▶
(* Let $\mathcal{C}$ be an amendable category (having the pullbacks and pushouts required for PBPO rules and steps). Then for any canonical PBPO rule $\rho$ there exists a monic PBPO rule $\sigma$ such that ${\Rightarrow^{\rightarrowtail}_\rho} = {\Rightarrow_\sigma}$. If $\mathcal{C}$ is moreover strongly amendable, then additionally ${\Rightarrow^{\rightarrowtail}_\rho} = {\Rightarrow^{\mathrm{SM}}_\sigma}$.
   Context: A PBPO rule consists of objects $L,K,R,L',K',R'$ and morphisms $l : K \to L$, $r : K \to R$, $t_L : L \to L'$, $t_K : K \to K'$, $t_R : R \to R'$, $l' : K' \to L'$, $r' : K' \to R'$ with $t_L \circ l = l' \circ t_K$ and $t_R \circ r = r' \circ t_K$. It is canonical if $L \xleftarrow{l} K \xrightarrow{t_K} K'$ is a pullback of $t_L, l'$ and $K' \xrightarrow{r'} R' \xleftarrow{t_R} R$ is a pushout of $t_K, r$; it is monic if it is canonical and $t_L$ is a monomorphism. A PBPO rewrite step $G_L \Rightarrow_\rho^{m,\alpha} G_R$ is given by $m : L \to G_L$, $\alpha : G_L \to L'$ with $t_L = \alpha \circ m$; a pullback $G_L \xleftarrow{g_L} G_K \xrightarrow{u'} K'$ of $\alpha$ and $l'$; the unique $u : K \to G_K$ with $g_L \circ u = m \circ l$, $u' \circ u = t_K$; and a pushout $G_K \xrightarrow{g_R} G_R \xleftarrow{w} R$ of $u$ and $r$ (with the induced $w' : G_R \to R'$). ${\Rightarrow_\rho}$ is the relation $\{(G_L,G_R) \mid \exists m,\alpha.\ G_L \Rightarrow^{m,\alpha}_\rho G_R\}$; ${\Rightarrow^{\rightarrowtail}_\rho}$ is its restriction to steps with $m$ monic; ${\Rightarrow^{\mathrm{SM}}_\rho}$ is its restriction to steps where $L \xleftarrow{1_L} L \xrightarrow{m} G_L$ is a pullback of $t_L$ and $\alpha$ (strong match). A category is amendable if for every morphism $t_L : L \to L'$ there is a factorization $t_L = \beta \circ t_L'$ with $t_L' : L \rightarrowtail L''$ mono and $\beta : L'' \to L'$ such that for every factorization $t_L = \alpha \circ m$ with $m : L \rightarrowtail G_L$ mono and $\alpha : G_L \to L'$ there exists $\alpha' : G_L \to L''$ with $\alpha' \circ m = t_L'$ and $\beta \circ \alpha' = \alpha$. It is strongly amendable if moreover the factorization $(t_L',\beta)$ can be chosen so that in each case $L \xleftarrow{1_L} L \xrightarrow{m} G_L$ is a pullback of $t_L'$ and $\alpha'$. *)

Set Implicit Arguments.
Set Universe Polymorphism.

Record Category := {
  Ob :> Type;
  Hom : Ob -> Ob -> Type;
  idm : forall A : Ob, Hom A A;
  comp : forall {A B C : Ob}, Hom B C -> Hom A B -> Hom A C;
  comp_assoc : forall (A B C D : Ob) (h : Hom C D) (g : Hom B C) (f : Hom A B),
      comp h (comp g f) = comp (comp h g) f;
  comp_id_l : forall (A B : Ob) (f : Hom A B), comp (idm B) f = f;
  comp_id_r : forall (A B : Ob) (f : Hom A B), comp f (idm A) = f
}.

Arguments Hom {c} _ _.
Arguments idm {c} _.
Arguments comp {c A B C} _ _.

Section Cat.
Variable C : Category.

Definition mono {A B : C} (f : Hom A B) : Prop :=
  forall (X : C) (a b : Hom X A), comp f a = comp f b -> a = b.

Definition is_pullback {A B Z P : C} (f : Hom A Z) (g : Hom B Z)
    (p1 : Hom P A) (p2 : Hom P B) : Prop :=
  comp f p1 = comp g p2 /\
  forall (Q : C) (q1 : Hom Q A) (q2 : Hom Q B), comp f q1 = comp g q2 ->
    exists u : Hom Q P, (comp p1 u = q1 /\ comp p2 u = q2) /\
      forall v : Hom Q P, comp p1 v = q1 -> comp p2 v = q2 -> v = u.

Definition is_pushout {A B Z P : C} (f : Hom A B) (g : Hom A Z)
    (i1 : Hom B P) (i2 : Hom Z P) : Prop :=
  comp i1 f = comp i2 g /\
  forall (Q : C) (q1 : Hom B Q) (q2 : Hom Z Q), comp q1 f = comp q2 g ->
    exists u : Hom P Q, (comp u i1 = q1 /\ comp u i2 = q2) /\
      forall v : Hom P Q, comp v i1 = q1 -> comp v i2 = q2 -> v = u.

Definition has_pullbacks : Prop :=
  forall (A B Z : C) (f : Hom A Z) (g : Hom B Z),
    exists (P : C) (p1 : Hom P A) (p2 : Hom P B), is_pullback f g p1 p2.

Definition has_pushouts : Prop :=
  forall (A B Z : C) (f : Hom A B) (g : Hom A Z),
    exists (P : C) (i1 : Hom B P) (i2 : Hom Z P), is_pushout f g i1 i2.

Record PBPO_rule := {
  rL : C; rK : C; rR : C; rL' : C; rK' : C; rR' : C;
  r_l : Hom rK rL;
  r_r : Hom rK rR;
  r_tL : Hom rL rL';
  r_tK : Hom rK rK';
  r_tR : Hom rR rR';
  r_l' : Hom rK' rL';
  r_r' : Hom rK' rR';
  r_comm_l : comp r_tL r_l = comp r_l' r_tK;
  r_comm_r : comp r_tR r_r = comp r_r' r_tK
}.

Definition canonical_rule (rho : PBPO_rule) : Prop :=
  is_pullback (r_tL rho) (r_l' rho) (r_l rho) (r_tK rho) /\
  is_pushout (r_tK rho) (r_r rho) (r_r' rho) (r_tR rho).

Definition monic_rule (rho : PBPO_rule) : Prop :=
  canonical_rule rho /\ mono (r_tL rho).

Definition pbpo_step (rho : PBPO_rule) (GL GR : C)
    (m : Hom (rL rho) GL) (alpha : Hom GL (rL' rho)) : Prop :=
  r_tL rho = comp alpha m /\
  exists (GK : C) (gL : Hom GK GL) (u' : Hom GK (rK' rho)),
    is_pullback alpha (r_l' rho) gL u' /\
    exists u : Hom (rK rho) GK,
      comp gL u = comp m (r_l rho) /\ comp u' u = r_tK rho /\
      exists (gR : Hom GK GR) (w : Hom (rR rho) GR),
        is_pushout u (r_r rho) gR w.

Definition rewrites (rho : PBPO_rule) (GL GR : C) : Prop :=
  exists m alpha, pbpo_step rho GL GR m alpha.

Definition rewrites_mono (rho : PBPO_rule) (GL GR : C) : Prop :=
  exists m alpha, mono m /\ pbpo_step rho GL GR m alpha.

Definition strong_match (rho : PBPO_rule) {GL : C}
    (m : Hom (rL rho) GL) (alpha : Hom GL (rL' rho)) : Prop :=
  is_pullback (r_tL rho) alpha (idm (rL rho)) m.

Definition rewrites_SM (rho : PBPO_rule) (GL GR : C) : Prop :=
  exists m alpha, strong_match rho m alpha /\ pbpo_step rho GL GR m alpha.

Definition amendable : Prop :=
  forall (L L' : C) (tL : Hom L L'),
    exists (L'' : C) (tL' : Hom L L'') (beta : Hom L'' L'),
      mono tL' /\ tL = comp beta tL' /\
      forall (GL : C) (m : Hom L GL) (alpha : Hom GL L'),
        mono m -> tL = comp alpha m ->
        exists alpha' : Hom GL L'', comp alpha' m = tL' /\ comp beta alpha' = alpha.

Definition strongly_amendable : Prop :=
  forall (L L' : C) (tL : Hom L L'),
    exists (L'' : C) (tL' : Hom L L'') (beta : Hom L'' L'),
      mono tL' /\ tL = comp beta tL' /\
      forall (GL : C) (m : Hom L GL) (alpha : Hom GL L'),
        mono m -> tL = comp alpha m ->
        exists alpha' : Hom GL L'', comp alpha' m = tL' /\ comp beta alpha' = alpha /\
          is_pullback tL' alpha' (idm L) m.

End Cat.

(* Amendability factors t_L : L -> L' as beta o t_L' with t_L' monic and universal among
   monic matches. Pulling l' back along beta gives K'' -> L'' and, via the pushout of the
   induced t_K'' : K -> K'' with r, a monic rule sigma over L''. By pullback pasting, the
   pullback of alpha' : G_L -> L'' along l'' is the pullback of beta o alpha' along l', and the
   pushout part of a step is the same for rho and sigma. So every monic-match rho-step with
   type alpha is the sigma-step with type its amendment alpha', and every sigma-step with type
   alpha' is the rho-step with type beta o alpha', whose match is monic because
   alpha' o m = t_L' is. Strong amendability makes every such alpha' a strong match. *)

From Stdlib Require Import Classical.

Set Implicit Arguments.

Section Elementary.
Variable C : Category.

Lemma pullback_lift {A B Z P Q : C} {f : Hom A Z} {g : Hom B Z}
    {p1 : Hom P A} {p2 : Hom P B} :
  is_pullback C f g p1 p2 -> forall (q1 : Hom Q A) (q2 : Hom Q B),
  comp f q1 = comp g q2 -> exists u : Hom Q P, comp p1 u = q1 /\ comp p2 u = q2.
Proof.
  intros [_ Huniv] q1 q2 Hq.
  destruct (Huniv Q q1 q2 Hq) as [u [Hu _]].
  exists u; exact Hu.
Qed.

Lemma pullback_jointly_mono {A B Z P Q : C} {f : Hom A Z} {g : Hom B Z}
    {p1 : Hom P A} {p2 : Hom P B} :
  is_pullback C f g p1 p2 -> forall a b : Hom Q P,
  comp p1 a = comp p1 b -> comp p2 a = comp p2 b -> a = b.
Proof.
  intros [Hcomm Huniv] a b H1 H2.
  assert (Hq : comp f (comp p1 b) = comp g (comp p2 b)).
  { rewrite !comp_assoc, Hcomm; reflexivity. }
  destruct (Huniv Q (comp p1 b) (comp p2 b) Hq) as [u [_ Hunique]].
  rewrite (Hunique a H1 H2), (Hunique b eq_refl eq_refl); reflexivity.
Qed.
(* Let $n\ge 3$ and let $A=[a_{ij}]_{i,j=1}^{n-1}$ be a real $(n-1)\times(n-1)$ matrix with zero diagonal, with LOP objective function $f_A$ on $\Sigma_{n-1}$. Define the $n\times n$ matrix $A'=[a_{ij}]_{i,j=1}^{n}$ whose upper-left $(n-1)\times(n-1)$ block is $A$, with $a_{in}=-\sum_{j=1}^{n-1}(a_{ij}-a_{ji})$ for all $i=1,\dots,n-1$ and $a_{ni}=0$ for all $i=1,\dots,n$, and let $f_{A'}$ be its LOP objective function on $\Sigma_n$. Then $\sigma'=[i_1\ i_2\ \cdots\ i_{n-1}\ n]$ is a global maximum of $f_{A'}$ if and only if $\sigma=[i_1\ i_2\ \cdots\ i_{n-1}]$ is a global maximum of $f_A$.
   Context: For a real $m\times m$ matrix $M=[m_{ij}]$ the LOP objective function is $f_M(\sigma)=\sum_{k=1}^{m-1}\sum_{l=k+1}^m m_{\sigma(k)\sigma(l)}$ for $\sigma\in\Sigma_m$, the symmetric group on $\{1,\dots,m\}$; $[i_1\cdots i_m]$ denotes the permutation with $\sigma(k)=i_k$ (the index placed in position $k$). A global maximum (optimum) is a maximizer of the objective over $\Sigma_m$. *)

From mathcomp Require Import all_boot all_order all_algebra all_fingroup.
Set Implicit Arguments. Unset Strict Implicit. Unset Printing Implicit Defensive.
Import Order.TTheory GRing.Theory Num.Theory.
Local Open Scope ring_scope.

(* LOP objective: f_M(sigma) = sum_{k<l} M (sigma k) (sigma l);
   sigma k is the index placed in position k. *)
Definition lop_obj (R : numDomainType) (m : nat) (M : 'M[R]_m) (s : 'S_m) : R :=
  \sum_(k < m) \sum_(l < m | (k < l)%N) M (s k) (s l).

Definition lop_global_max (R : numDomainType) (m : nat) (M : 'M[R]_m) (s : 'S_m) : Prop :=
  forall t : 'S_m, lop_obj M t <= lop_obj M s.

Definition lop_ext (R : numDomainType) (m : nat) (A : 'M[R]_m) : 'M[R]_(m.+1) :=
  \matrix_(i, j)
    match unlift ord_max i, unlift ord_max j with
    | Some i', Some j' => A i' j'
    | Some i', None => - \sum_(k < m) (A i' k - A k i')
    | None, _ => 0
    end.

From mathcomp Require Import all_boot all_order all_algebra all_fingroup.
From mathcomp Require Import zify.
Set Implicit Arguments. Unset Strict Implicit. Unset Printing Implicit Defensive.
Import Order.TTheory GRing.Theory Num.Theory.
Local Open Scope ring_scope.

(* If the new index n sits at some position of a permutation of 1..n, move
   the block B of indices placed before n to the end.  Every pair (i, j) with
   i in B and j outside B turns from a_ij into a_ji, while the other pairs keep
   their order, so the objective changes by sum_(i in B) sum_j (a_ji - a_ij),
   which is exactly the contribution sum_(i in B) a_in of n in the original
   permutation.  Hence f_A' takes exactly the values of f_A, and a permutation
   ending with n has the value of its restriction; the net flow over all of
   1..n-1 vanishes. *)

Definition lop_rank_obj (R : zmodType) (m : nat) (M : 'M[R]_m) (r : 'I_m -> nat) : R :=
  \sum_i \sum_j M i j *+ (r i < r j)%N.

Definition net_inflow (R : zmodType) (m : nat) (M : 'M[R]_m) (B : pred 'I_m) : R :=
  \sum_(i | B i) \sum_j (M j i - M i j).

Definition rotate_rank (T : Type) (r : T -> nat) (p N : nat) (i : T) : nat :=
  if (r i < p)%N then (r i + N)%N else r i.

Lemma lop_objE (R : numDomainType) (m : nat) (M : 'M[R]_m) (s : 'S_m) :
  lop_obj M s = lop_rank_obj M (fun i => s^-1%g i).
Proof.
rewrite /lop_obj /lop_rank_obj (reindex_inj (@perm_inj _ s^-1)).
apply: eq_bigr => i _; rewrite (reindex_inj (@perm_inj _ s^-1)) big_mkcond.
by apply: eq_bigr => j _; rewrite !permKV mulrb.
Qed.

Lemma eq_lop_rank_obj (R : zmodType) (m : nat) (M : 'M[R]_m) (r1 r2 : 'I_m -> nat) :
  (forall i j, (r1 i < r1 j)%N = (r2 i < r2 j)%N) ->
  lop_rank_obj M r1 = lop_rank_obj M r2.
Proof. by move=> r12; apply: eq_bigr => i _; apply: eq_bigr => j _; rewrite r12. Qed.

Lemma perm_of_injective_rank (m : nat) (r : 'I_m -> nat) : injective r ->
  exists s : 'S_m, forall i j, (s i < s j)%N = (r i < r j)%N.
Proof.
move=> r_inj.
pose rank i := #|[set j | (r j < r i)%N]|.
have rank_lt i : (rank i < m)%N.
  rewrite -[m in (_ < m)%N]card_ord -cardsT; apply: proper_card.
  by rewrite properT; apply/negP => /eqP setT_lt; move: (in_setT i); rewrite -setT_lt inE ltnn.
have rank_mono i j : (r i < r j)%N -> (rank i < rank j)%N.
  move=> rij; apply: proper_card; apply/properP; split.
    by apply/subsetP => k; rewrite !inE => /ltn_trans; apply.
  by exists i; rewrite !inE ?rij // ltnn.
have rankE i j : (rank i < rank j)%N = (r i < r j)%N.
  case: (ltngtP (r i) (r j)) => [rij|rji|/r_inj->]; last by rewrite !ltnn.
    exact: rank_mono.
  by apply/negbTE; rewrite -leqNgt ltnW ?rank_mono.
have rank_inj : injective (fun i => Ordinal (rank_lt i)).
  move=> i j /(congr1 val) /= eq_ij; apply: r_inj.
  by case: (ltngtP (r i) (r j)) => // /rank_mono; rewrite eq_ij ltnn.
by exists (perm rank_inj) => i j; rewrite !permE /= rankE.
Qed.

Lemma rotate_rank_inj (T : Type) (r : T -> nat) (p N : nat) :
  injective r -> (forall i, r i < N)%N -> injective (rotate_rank r p N).
Proof.
move=> r_inj r_lt i j; rewrite /rotate_rank; have := r_lt i; have := r_lt j.
by case: ifP => _; case: ifP => _ ? ? eq_ij; apply: r_inj; lia.
Qed.

Lemma net_inflowE (R : zmodType) (m : nat) (M : 'M[R]_m) (B : pred 'I_m) :
  net_inflow M B = \sum_i \sum_j M i j *+ B j - \sum_i \sum_j M i j *+ B i.
Proof.
rewrite /net_inflow (eq_bigr _ (fun i _ => sumrB _ _ _ _)) sumrB exchange_big /=.
under [X in _ = X - _]eq_bigr do under eq_bigr do rewrite mulrb.
under [X in _ = _ - X]eq_bigr do rewrite sumrMnl mulrb.
by rewrite -big_mkcond; under [X in _ = X - _]eq_bigr do rewrite -big_mkcond.
Qed.

Lemma net_inflow_full (R : zmodType) (m : nat) (M : 'M[R]_m) (B : pred 'I_m) :
  (forall i, B i) -> net_inflow M B = 0.
Proof.
move=> allB; rewrite /net_inflow (eq_bigl xpredT) //.
by rewrite (eq_bigr _ (fun i _ => sumrB _ _ _ _)) sumrB exchange_big subrr.
Qed.

Lemma lop_rank_obj_rotate (R : zmodType) (m : nat) (M : 'M[R]_m) (r : 'I_m -> nat)
    (p N : nat) :
  (forall i, r i < N)%N ->
  lop_rank_obj M (rotate_rank r p N) = lop_rank_obj M r + net_inflow M [pred i | (r i < p)%N].
Proof.
move=> r_lt; rewrite net_inflowE -!sumrB -big_split; apply: eq_bigr => i _.
rewrite -!sumrB -big_split; apply: eq_bigr => j _ /=; rewrite /rotate_rank.
case: (ltnP (r i) p) => hi; case: (ltnP (r j) p) => hj /=.
- by rewrite ltn_add2r subrr addr0.
- rewrite ltnNge (leq_trans (ltnW (r_lt j)) (leq_addl _ _)) (leq_trans hi hj).
  by rewrite sub0r subrr.
- rewrite (leq_trans (r_lt i) (leq_addl _ _)) ltnNge (leq_trans (ltnW hj) hi).
  by rewrite subr0 add0r.
- by rewrite subrr addr0.
Qed.

Lemma lop_rank_obj_ext (R : numDomainType) (m : nat) (A : 'M[R]_m) (r : 'I_m.+1 -> nat) :
  lop_rank_obj (lop_ext A) r =
  lop_rank_obj A (r \o lift ord_max) +
  net_inflow A [pred i | (r (lift ord_max i) < r ord_max)%N].
Proof.
rewrite /lop_rank_obj (bigD1_ord ord_max) //= big1 ?add0r; last first.
  by move=> j _; rewrite mxE unlift_none mul0rn.
under eq_bigr do rewrite (bigD1_ord ord_max) //= mxE liftK unlift_none.
under eq_bigr do under eq_bigr do rewrite mxE !liftK.
rewrite big_split [LHS]addrC; congr (_ + _).
rewrite /net_inflow [RHS]big_mkcond; apply: eq_bigr => i _.
by rewrite mulrb -sumrN; under eq_bigr do rewrite opprB.
Qed.

Lemma lop_obj_ext_lift_perm (R : numDomainType) (m : nat) (A : 'M[R]_m) (s : 'S_m) :
  lop_obj (lop_ext A) (lift_perm ord_max ord_max s) = lop_obj A s.
Proof.
rewrite !lop_objE lop_rank_obj_ext lift_permV net_inflow_full ?addr0 => [|i].
  by apply: eq_lop_rank_obj => i j /=; rewrite !lift_perm_lift !lift_max.
by rewrite /= lift_perm_lift lift_perm_id lift_max ltn_ord.
Qed.

Lemma lop_obj_ext_rotate (R : numDomainType) (m : nat) (A : 'M[R]_m) (t : 'S_m.+1) :
  exists s : 'S_m, lop_obj (lop_ext A) t = lop_obj A s.
Proof.
pose r := (fun i => nat_of_ord (t^-1%g i)) \o lift ord_max.
have r_lt i : (r i < m.+1)%N by exact: ltn_ord.
have r_inj : injective r by move=> i j /val_inj /perm_inj /lift_inj.
have [s s_rank] := perm_of_injective_rank (rotate_rank_inj (p := t^-1%g ord_max) r_inj r_lt).
exists s^-1%g; rewrite !lop_objE lop_rank_obj_ext invgK (eq_lop_rank_obj A s_rank).
by rewrite [RHS](lop_rank_obj_rotate _ _ r_lt) /r.
Qed.

Theorem proposition4 (R : realFieldType) (m : nat) (hm : (2 <= m)%N)
  (A : 'M[R]_m) (hA : forall i, A i i = 0) (s : 'S_m) :
  lop_global_max (lop_ext A) (lift_perm ord_max ord_max s) <-> lop_global_max A s.
Proof.
split=> s_max t.
  by rewrite -(lop_obj_ext_lift_perm A t) -(lop_obj_ext_lift_perm A s); apply: s_max.
by have [u ->] := lop_obj_ext_rotate A t; rewrite lop_obj_ext_lift_perm; apply: s_max.
Qed.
◀
# Task requirements
Can you repeat, word for word, every line above from the one containing "comp f q1 = comp g q2 -> exists" down to the one containing "destruct (Huniv Q (comp", including both?

# Solution
  comp f q1 = comp g q2 -> exists u : Hom Q P, comp p1 u = q1 /\ comp p2 u = q2.
Proof.
  intros [_ Huniv] q1 q2 Hq.
  destruct (Huniv Q q1 q2 Hq) as [u [Hu _]].
  exists u; exact Hu.
Qed.

Lemma pullback_jointly_mono {A B Z P Q : C} {f : Hom A Z} {g : Hom B Z}
    {p1 : Hom P A} {p2 : Hom P B} :
  is_pullback C f g p1 p2 -> forall a b : Hom Q P,
  comp p1 a = comp p1 b -> comp p2 a = comp p2 b -> a = b.
Proof.
  intros [Hcomm Huniv] a b H1 H2.
  assert (Hq : comp f (comp p1 b) = comp g (comp p2 b)).
  { rewrite !comp_assoc, Hcomm; reflexivity. }
  destruct (Huniv Q (comp p1 b) (comp p2 b) Hq) as [u [_ Hunique]].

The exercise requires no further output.